Антихрист — страница 25 из 29

Мне начинало казаться, что уже какие-то проблески Добра зашевелились внутри меня. Я почти торжествовал! Согрешить, согрешить, во что бы то ни стало самым страшным, самым тёмным грехом.

Мог ли я думать о том, какой это будет грех! Он должен превосходить всякое разумение человеческое, всякую злую человеческую волю. Такой грех вдруг, сам является. И я ждал, что мне сделается ясно, что именно нужно сделать, чтобы переступить последнюю точку.

Но куда же идти? Где это свершится?

Домой? Опять в полное одиночество, в эту опротивевшую комнату, где я столько хныкал и причитал? Или так и стоять на улице, стоять и ждать. Или уж в питомник грязи и безобразия, в какой-нибудь притон, в какой-нибудь «сад» с увеселениями…

Я нанял извозчика и поехал.

Сезон почти уже кончался, и народа в «саду» было мало. Я прошёл через сырые аллеи, освещённые холодным электрическим светом, в «закрытый театр». Там народа было больше.

Представление уже началось.

Чувствуя неловкость во всём теле и невольно меняя походку, прошёл я вдоль длинного партера, показавшегося мне бесконечным, к своему месту в первом ряду.
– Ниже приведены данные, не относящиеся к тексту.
Lemma face_enorm_sub_xs_le f : F f -> enorm (f - xs) <= T + H * enorm (A *m f - b).
Proof.
move=> Ff; have T0 := T_gt0; have H0 := H_ge0.
have [fT|Tf] := lerP (enorm (f - xs)) T.
  by apply: le_trans fT _; rewrite lerDl mulr_ge0 ?enorm_ge0.
set D := enorm (f - xs) in Tf *; have D_gt0 : 0 < D := lt_trans T0 Tf.
set eps := enorm (A *m f - b).
set t := T / D.
have t_ge0 : 0 <= t by rewrite divr_ge0 ?ltW.
have t01 : 0 <= t <= 1 by rewrite t_ge0 ler_pdivrMr // mul1r ltW.
(* [g] lies at distance [T] = 2 Mb + 1 from [xs], hence at distance >= 1 from S *)
set g := (1 - t) *: xs + t *: f.
have g_xs : enorm (g - xs) = T.
  have -> : g - xs = t *: (f - xs) by apply/matrixP => i j; rewrite !mxE; ring.
  by rewrite enormZ ger0_norm // mulfVK ?gt_eqF.
have Ag : A *m g - b = t *: (A *m f - b).
  by rewrite mulmxDr -!scalemxAr A_xs; apply/matrixP => i j; rewrite !mxE; ring.
have [p Sp gp] := face_sol_near (F_convex F_xs Ff t01).
rewrite -/g Ag g_xs enormZ ger0_norm // in gp.
have gp_ge1 : 1 <= enorm (g - p).
  have := enorm_sub_le g p xs; have := enorm_sub_le p 0 xs.
  rewrite subr0 sub0r enormN g_xs.
  by have := S_bounded Sp; have := S_bounded (conj F_xs A_xs); rewrite /T; lra.
have : 1 <= H * eps / D.
  have <- : kap * (t * eps) * (1 + T / r) = H * eps / D.
    by rewrite /t /H; field; rewrite !gt_eqF.
  exact: le_trans gp_ge1 gp.
rewrite ler_pdivlMr // mul1r => DH.
by apply: le_trans DH _; rewrite lerDr ltW.
Qed.

Lemma face_error_bound : exists2 C, 0 <= C &
  forall f, F f -> exists2 p, S p & enorm (f - p) <= C * enorm (A *m f - b).
Proof.
have T0 := ltW T_gt0; have H0 := H_ge0.
have TH_ge0 : 0 <= T + H := addr_ge0 T0 H0.
have kTH_ge0 : 0 <= kap * (1 + (T + H) / r).
  exact: mulr_ge0 (ltW kap_gt0) (addr_ge0 ler01 (divr_ge0 TH_ge0 (ltW r_gt0))).
exists (kap * (1 + (T + H) / r) + T + H); first by rewrite -addrA addr_ge0.
move=> f Ff; set eps := enorm (A *m f - b); have eps_ge0 : 0 <= eps := enorm_ge0 _.
have f_xs := face_enorm_sub_xs_le Ff; rewrite -/eps in f_xs.
have [eps_le1|eps_gt1] := lerP eps 1.
  have [p Sp fp] := face_sol_near Ff; exists p => //.
  apply: le_trans fp _; rewrite -/eps [leLHS]mulrAC ler_wpM2r //.
  apply: (@le_trans _ _ (kap * (1 + (T + H) / r))); last lra.
  rewrite ler_wpM2l ?(ltW kap_gt0) // lerD2l ler_pM2r ?invr_gt0 //.
  by apply: le_trans f_xs _; rewrite lerD2l ler_piMr.
exists xs; first by split.
have TT : T <= T * eps by rewrite ler_peMr // ltW.
have := mulr_ge0 kTH_ge0 eps_ge0.
have -> : (kap * (1 + (T + H) / r) + T + H) * eps
    = kap * (1 + (T + H) / r) * eps + T * eps + H * eps by ring.
lra.
Qed.

Variable X : set 'cV[R]_n.
Hypothesis S_sub_X : forall p, S p -> X p.

Lemma error_bound_face : exists2 g : R, 0 <= g & forall (P : 'M[R]_n) x xp,
  dist x X <= (1 + g * sigma_max A) * enorm (xp - P *m xp)
    + g * enorm (A *m x - b)
    + (1 + g * sigma_max A) * enorm ((x - xp) - P *m (x - xp))
    + (1 + g * sigma_max A) * enorm (P *m (x - xp))
    + (1 + g * sigma_max A) * dist (P *m xp) F.
Proof.
have [C C_ge0 C_bound] := face_error_bound.
exists C => // P x xp.
have g_ge0 : 0 <= 1 + C * sigma_max A by rewrite addr_ge0 ?mulr_ge0 ?sigma_max_ge0.
apply: le_dist_bound => [|//|f Ff]; first by exists xs.
have [p Sp fp] := C_bound f Ff.
apply: le_trans (dist_le x (S_sub_X Sp)) _.
apply: le_trans (enorm_sub_le_residual x C_ge0 fp) _.
have x_f := le_trans (enorm_sub_le x (P *m xp) f) (lerD (enorm_sub_mulmx_le P x xp) (lexx _)).
have := ler_wpM2l g_ge0 x_f.
move: (1 + C * sigma_max A) => g; rewrite !mulrDr; lra.
Qed.

Lemma rowspace_enorm_le_of_unique : (forall p, S p -> p = xs) ->
  forall v, rowspace M v -> enorm v <= kap * enorm (A *m v).
Proof.
move=> S_xs.
have A_inj v : rowspace M v -> A *m v = 0 -> v = 0.
  move=> Mv Av; apply/eqP; apply: contraT => v_neq0; have v_gt0 := enorm_gt0 v_neq0.
  have Sq : S (xs + (r / enorm v) *: v).
    split; last by rewrite mulmxDr -scalemxAr Av scaler0 addr0.
    apply: F_ball; first by apply: rowspaceD; [exact: F_rowspace | exact: rowspaceZ].
    rewrite addrAC subrr add0r enormZ ger0_norm; last by rewrite divr_ge0 ?ltW.
    by rewrite mulfVK ?gt_eqF.
  have /eqP := S_xs _ Sq; rewrite -subr_eq0 (addrC xs) addrK.
  by rewrite scaler_eq0 (negbTE v_neq0) orbF mulf_eq0 invr_eq0 !gt_eqF.
move=> v Mv; have [e [Me Ae] e_le] := A_right_inverse Mv.
suff -> : v = e by rewrite -Ae in e_le.
apply/eqP; rewrite -subr_eq0; apply/eqP/A_inj; first exact: rowspaceB.
by rewrite mulmxBr Ae subrr.
Qed.

Lemma error_bound_unique : (forall p, S p -> p = xs) -> forall x xp,
  dist x X <=
    (1 + (sigma_min_on A (rowspace M))^-1 * sigma_max A) * enorm (xp - orth_projmx M *m xp)
    + (sigma_min_on A (rowspace M))^-1 * enorm (A *m x - b)
    + (1 + (sigma_min_on A (rowspace M))^-1 * sigma_max A)
      * enorm ((x - xp) - orth_projmx M *m (x - xp)).
Proof.
move=> S_xs x xp; set g := (sigma_min_on A (rowspace M))^-1; set P := orth_projmx M.
have g_ge0 : 0 <= g by rewrite invr_ge0 sigma_min_on_ge0.
have Px_xs : enorm (P *m x - xs) <= g * enorm (A *m (P *m x) - b).
  rewrite -A_xs -mulmxBr; apply: (enorm_le_sigma_min_on _ kap_gt0).
  - by move=> a v; exact: rowspaceZ.
  - exact: rowspace_enorm_le_of_unique.
  - by apply: rowspaceB; [exact: rowspace_orth_projmx | exact: F_rowspace].
apply: le_trans (dist_le x (S_sub_X (conj F_xs A_xs))) _.
apply: le_trans (enorm_sub_le_residual x g_ge0 Px_xs) _.
have g1_ge0 : 0 <= 1 + g * sigma_max A by rewrite addr_ge0 ?mulr_ge0 ?sigma_max_ge0.
have := ler_wpM2l g1_ge0 (enorm_sub_mulmx_le_orth P x xp).
move: (1 + g * sigma_max A) => g1; rewrite mulrDr; lra.
Qed.

End FaceErrorBound.

Unset Implicit Arguments.
Set Strict Implicit.

Theorem theorem1 (R : realType) (m n : nat) (K : set 'cV[R]_n)
  (A : 'M[R]_(m, n)) (b : 'cV[R]_m) (c : 'cV[R]_n)
  (xs : 'cV[R]_n) (ys : 'cV[R]_m) :
  proper_cone K ->
  strong_duality K A b c ->
  primal_sol K A b c xs ->
  dual_sol K A b c ys ->
  relint (compl_face K (c - A^T *m ys)) xs ->
  (exists g g' : R, [/\ 0 <= g, 0 <= g' &
     error_bound K A b c (c - A^T *m ys) g g'])
  /\
  ((exists x0, primal_sol K A b c = [set x0]) ->
     error_bound K A b c (c - A^T *m ys)
       (sigma_min_on A (compl_space K (c - A^T *m ys)))^-1 0).
Proof.
move=> [[K0 K_add K_scale _] _] [_ _ [_ [Mb X_bounded]] _] X_xs [dual_ys _]
  [F_xs [e e_gt0 F_rel]].
have A_xs : A *m xs = b by case: X_xs => [[]].
set s := c - A^T *m ys.
have [k [M [freeM F_rows F_M]]] := span_basis (compl_face K s).
have V_M : compl_space K s = rowspace M := aff_rowspace (compl_face0 s K0) F_rows F_M.
have F_ball z : rowspace M z -> enorm (z - xs) <= e / 2 -> compl_face K s z.
  rewrite -V_M => Vz z_xs; apply: F_rel => //; apply: le_lt_trans z_xs _.
  by rewrite ltr_pdivrMr // mulr_natr mulr2n ltrDl.
have e2_gt0 : 0 < e / 2 by rewrite divr_gt0.
have [kap kap_gt0 A_rinv] := rowspace_right_inverse M A.
have S_X p : compl_face K s p /\ A *m p = b -> primal_sol K A b c p.
  by move=> [Fp Ap]; exact: primal_sol_of_compl_face dual_ys Fp Ap.
have F_convex := @compl_face_convex _ _ K s K_add K_scale.
rewrite /error_bound V_M (proj_rowspace freeM) (proj_orth_rowspace freeM); split.
  have S_bounded p : compl_face K s p /\ A *m p = b -> enorm p <= Mb.
    by move/S_X; exact: X_bounded.
  have [g g_ge0 g_bound] :=
    error_bound_face F_convex F_M F_xs A_xs e2_gt0 F_ball kap_gt0 A_rinv S_bounded S_X.
  exists g, (1 + g * sigma_max A); split=> [//||x].
  - by rewrite addr_ge0 ?mulr_ge0 ?sigma_max_ge0.
  - exact: g_bound.
move=> [x0 X_x0] x /=; rewrite !mul0r !addr0.
apply: (error_bound_unique F_M F_xs A_xs e2_gt0 F_ball kap_gt0 A_rinv S_X) => p /S_X.
by move: X_xs; rewrite X_x0 => -> ->.
Qed.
На сцене полуголая шансонетка что-то пела по-французски.

Я сел и, деревенея всё больше и больше, впадая в своё обычное мертвенно-автоматическое состояние, стал развязно оглядываться по сторонам. Даже посвистал немножко в тон оркестру.

В первом ряду я был один, и, почему-то долго не решаясь глядеть на сцену, я должен был сидеть вполоборота, чтобы нелепо не уставляться в пустые стулья.

Шансонетка кончила. Несколько хлопков. Чей-то хриплый голос сверху крикнул «браво!». Вышла другая.

Я повернулся и стал рассматривать её гораздо циничнее, чем мне этого хотелось.

Она была совершенно раздета, короткое красное трико туго обтягивало её и позволяло видеть всё. Она была красива и сложена в «моём вкусе». Впрочем, у всех мужчин одинаковый вкус. Влюбляются, разумеется, в разных, но женщин «вообще» все любят одинаковых.

И пусть мне не возражают — всё равно не поверю. Все, как воры, прячутся, комедию разыгрывают, а на уме у всех одно: и у моралистов, и у проповедников, и у студентов, и у офицеров, и у учёных, и у общественных деятелей.

Она плясала, показывая то, что, она прекрасно знала, любят все без исключения. Когда она наклонялась, трико почти лопалось на ней, и мужчины стучали палками в знак своего одобрения.

Я невольно осмотрел зал, и сразу мне стала противна, злобно-противна эта скотская похоть, эта голая продажная девка, которая всем, всем без исключения, позволяет смотреть на себя.

Мечты, как искры, вспыхнули во мне.

О, какой эффект — встать и сказать громовую речь о том, как осквернили они красоту, как забрызгали грязью женщину, затоптали чистоту и целомудрие! Наполнить ужасом и смятением сердца всех этих самодовольных, развратных, пошлых самцов, которые осмеливаются такими подлыми глазами смотреть на её танцы.

Сказать, что они не смеют, не достойны видеть её прекрасной наготы, её святого роскошного тела.

О, как струсили бы они все, когда я заговорил бы о близости смерти каждого из них, как восторженно смотрели бы на меня эти несчастные рабыни, которые за деньги отдают себя на позор.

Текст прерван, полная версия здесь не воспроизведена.